*Your objective*. Retype, word for word, every line of the records below starting at the one that contains "sc_bilin : bilinear_op sc;" and ending at the one that contains "y (pc x z);"; include both of those lines and nothing more.

*Data listing*.

(* Let $(A,\succ,\prec)$ be an anti-pre-Novikov algebra and $s=\sum_i a_i\otimes b_i\in A\otimes A$. For $\zeta,\eta\in A^*$: (a) $P(s):=s_{12}\circ s_{13}+s_{23}\odot s_{13}+s_{12}\prec s_{23}=0$ iff $T_{\tau(s)}(\zeta)\circ T_{\tau(s)}(\eta)=T_{\tau(s)}(L_{\odot}^*(T_s(\zeta))\eta+R_{\prec}^*(T_{\tau(s)}(\eta))\zeta)$ for all $\zeta,\eta$; (b) $P_1(s):=s_{12}\prec s_{13}-s_{13}\odot s_{23}+s_{12}\circ s_{23}=0$ iff $T_{\tau(s)}(\zeta)\prec T_{\tau(s)}(\eta)=T_{\tau(s)}(R_{\circ}^*(T_{\tau(s)}(\eta))\zeta-R_{\odot}^*(T_s(\zeta))\eta)$ for all $\zeta,\eta$; (c) $P_2(s):=s_{12}\succ s_{13}+s_{13}\star s_{23}-s_{12}\succ s_{23}=0$ iff $T_{\tau(s)}(\zeta)\succ T_{\tau(s)}(\eta)=T_{\tau(s)}(L_{\star}^*(T_s(\zeta))\eta-R_{\succ}^*(T_{\tau(s)}(\eta))\zeta)$ for all $\zeta,\eta$; (d) $P_3(s):=s_{13}\circ s_{23}-s_{13}\prec s_{12}-s_{12}\odot s_{23}=0$ iff $T_s(\zeta)\circ T_s(\eta)=T_s(-L_{\odot}^*(T_s(\zeta))\eta-R_{\prec}^*(T_{\tau(s)}(\eta))\zeta)$ for all $\zeta,\eta$; (e) $P_4(s):=s_{13}\circ s_{12}-s_{13}\prec s_{23}-s_{23}\odot s_{12}=0$ iff $T_s(\zeta)\prec T_s(\eta)=T_s(R_{\odot}^*(T_s(\zeta))\eta-R_{\circ}^*(T_{\tau(s)}(\eta))\zeta)$ for all $\zeta,\eta$; (f) $P_5(s):=s_{12}\star s_{23}-s_{13}\succ s_{12}-s_{13}\succ s_{23}=0$ iff $T_s(\zeta)\succ T_s(\eta)=T_s(R_{\succ}^*(T_{\tau(s)}(\eta))\zeta-L_{\star}^*(T_s(\zeta))\eta)$ for all $\zeta,\eta$.
   Context: $A$ is finite-dimensional over a field $k$. An anti-pre-Novikov algebra is $(A,\succ,\prec)$ such that with $x\circ y=x\succ y+x\prec y$: $(x\circ y-y\circ x)\succ z=y\succ(x\succ z)-x\succ(y\succ z)$; $x\prec(y\circ z)=(y\succ x)\prec z-(x\prec y)\prec z-y\succ(x\prec z)$; $(x\circ y)\succ z=-(x\succ z)\prec y$; $(x\prec y)\prec z=(x\prec z)\prec y$; $(x\circ y-y\circ x)\prec z=x\succ(y\circ z)-y\succ(x\circ z)$. Further $x\odot y=x\succ y+y\prec x$, $x\star y=x\circ y+y\circ x$. For an operation $\ast$, $L_\ast(x)y=x\ast y$, $R_\ast(x)y=y\ast x$; $L_{\star}=L_{\circ}+R_{\circ}$, $L_{\odot}=L_{\succ}+R_{\prec}$, $R_{\odot}=R_{\succ}+L_{\prec}$. For $f:A\to\mathrm{End}(A)$, $f^*(x)\in\mathrm{End}(A^* )$ is given by $\langle f^*(x)\zeta,y\rangle=-\langle\zeta,f(x)y\rangle$. $\tau(x\otimes y)=y\otimes x$. $T_s:A^*\to A$ is defined by $\langle T_s(\zeta),\eta\rangle=\langle s,\zeta\otimes\eta\rangle$. Tensor notation, for $s=\sum_i a_i\otimes b_i$ and an operation $\ast$ (sums over $i,j$): $s_{12}\ast s_{13}=\sum a_i\ast a_j\otimes b_i\otimes b_j$; $s_{13}\ast s_{12}=\sum a_i\ast a_j\otimes b_j\otimes b_i$; $s_{12}\ast s_{23}=\sum a_i\otimes b_i\ast a_j\otimes b_j$; $s_{13}\ast s_{23}=\sum a_i\otimes a_j\otimes b_i\ast b_j$; $s_{23}\ast s_{13}=\sum a_j\otimes a_i\otimes b_i\ast b_j$; $s_{23}\ast s_{12}=\sum a_j\otimes a_i\ast b_j\otimes b_i$. (General rule: $s_{pq}$ places $a_i$ in tensor slot $p$ and $b_i$ in slot $q$; the product is taken in the common slot, with the factor from the left term on the left.) *)

From HB Require Import structures.
From mathcomp Require Import all_boot all_order all_algebra.
Set Implicit Arguments. Unset Strict Implicit. Unset Printing Implicit Defensive.
Import GRing.Theory.
Local Open Scope ring_scope.

(* A finite-dimensional vector space over a field K is modelled as K^n,
   written as row vectors 'rV[K]_n; its dual A^* is also 'rV[K]_n with the
   canonical pairing <zeta, y> = \sum_i zeta_i y_i. *)
Section Defs.
Variables (K : fieldType) (n : nat).
Local Notation A := 'rV[K]_n.

Definition pair (zeta y : A) : K := \sum_(i < n) zeta 0 i * y 0 i.

Definition bilinear_op (op : A -> A -> A) : Prop :=
  (forall (a : K) (x y z : A), op (a *: x + y) z = a *: op x z + op y z) /\
  (forall (a : K) (x y z : A), op x (a *: y + z) = a *: op x y + op x z).

Definition circ (sc pc : A -> A -> A) x y := sc x y + pc x y.
Definition odot (sc pc : A -> A -> A) x y := sc x y + pc y x.
Definition star (sc pc : A -> A -> A) x y := circ sc pc x y + circ sc pc y x.

Record antiPreNovikov := APN {
  sc : A -> A -> A;
  pc : A -> A -> A;
  sc_bilin : bilinear_op sc;
  pc_bilin : bilinear_op pc;
  apn1 : forall x y z, sc (circ sc pc x y - circ sc pc y x) z
                       = sc y (sc x z) - sc x (sc y z);
  apn2 : forall x y z, pc x (circ sc pc y z)
                       = pc (sc y x) z - pc (pc x y) z - sc y (pc x z);
  apn3 : forall x y z, sc (circ sc pc x y) z = - pc (sc x z) y;
  apn4 : forall x y z, pc (pc x y) z = pc (pc x z) y;
  apn5 : forall x y z, pc (circ sc pc x y - circ sc pc y x) z
                       = sc x (circ sc pc y z) - sc y (circ sc pc x z)
}.

(* f : A -> End(A) given as a curried map; f^*(x) acting on A^* defined by
   <f^*(x) zeta, y> = - <zeta, f(x) y>, i.e. coordinatewise on the basis *)
Definition dualop (f : A -> A -> A) (x : A) (zeta : A) : A :=
  \row_(j < n) - pair zeta (f x (delta_mx 0 j)).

*Solution to this task*.
  sc_bilin : bilinear_op sc;
  pc_bilin : bilinear_op pc;
  apn1 : forall x y z, sc (circ sc pc x y - circ sc pc y x) z
                       = sc y (sc x z) - sc x (sc y z);
  apn2 : forall x y z, pc x (circ sc pc y z)
                       = pc (sc y x) z - pc (pc x y) z - sc y (pc x z);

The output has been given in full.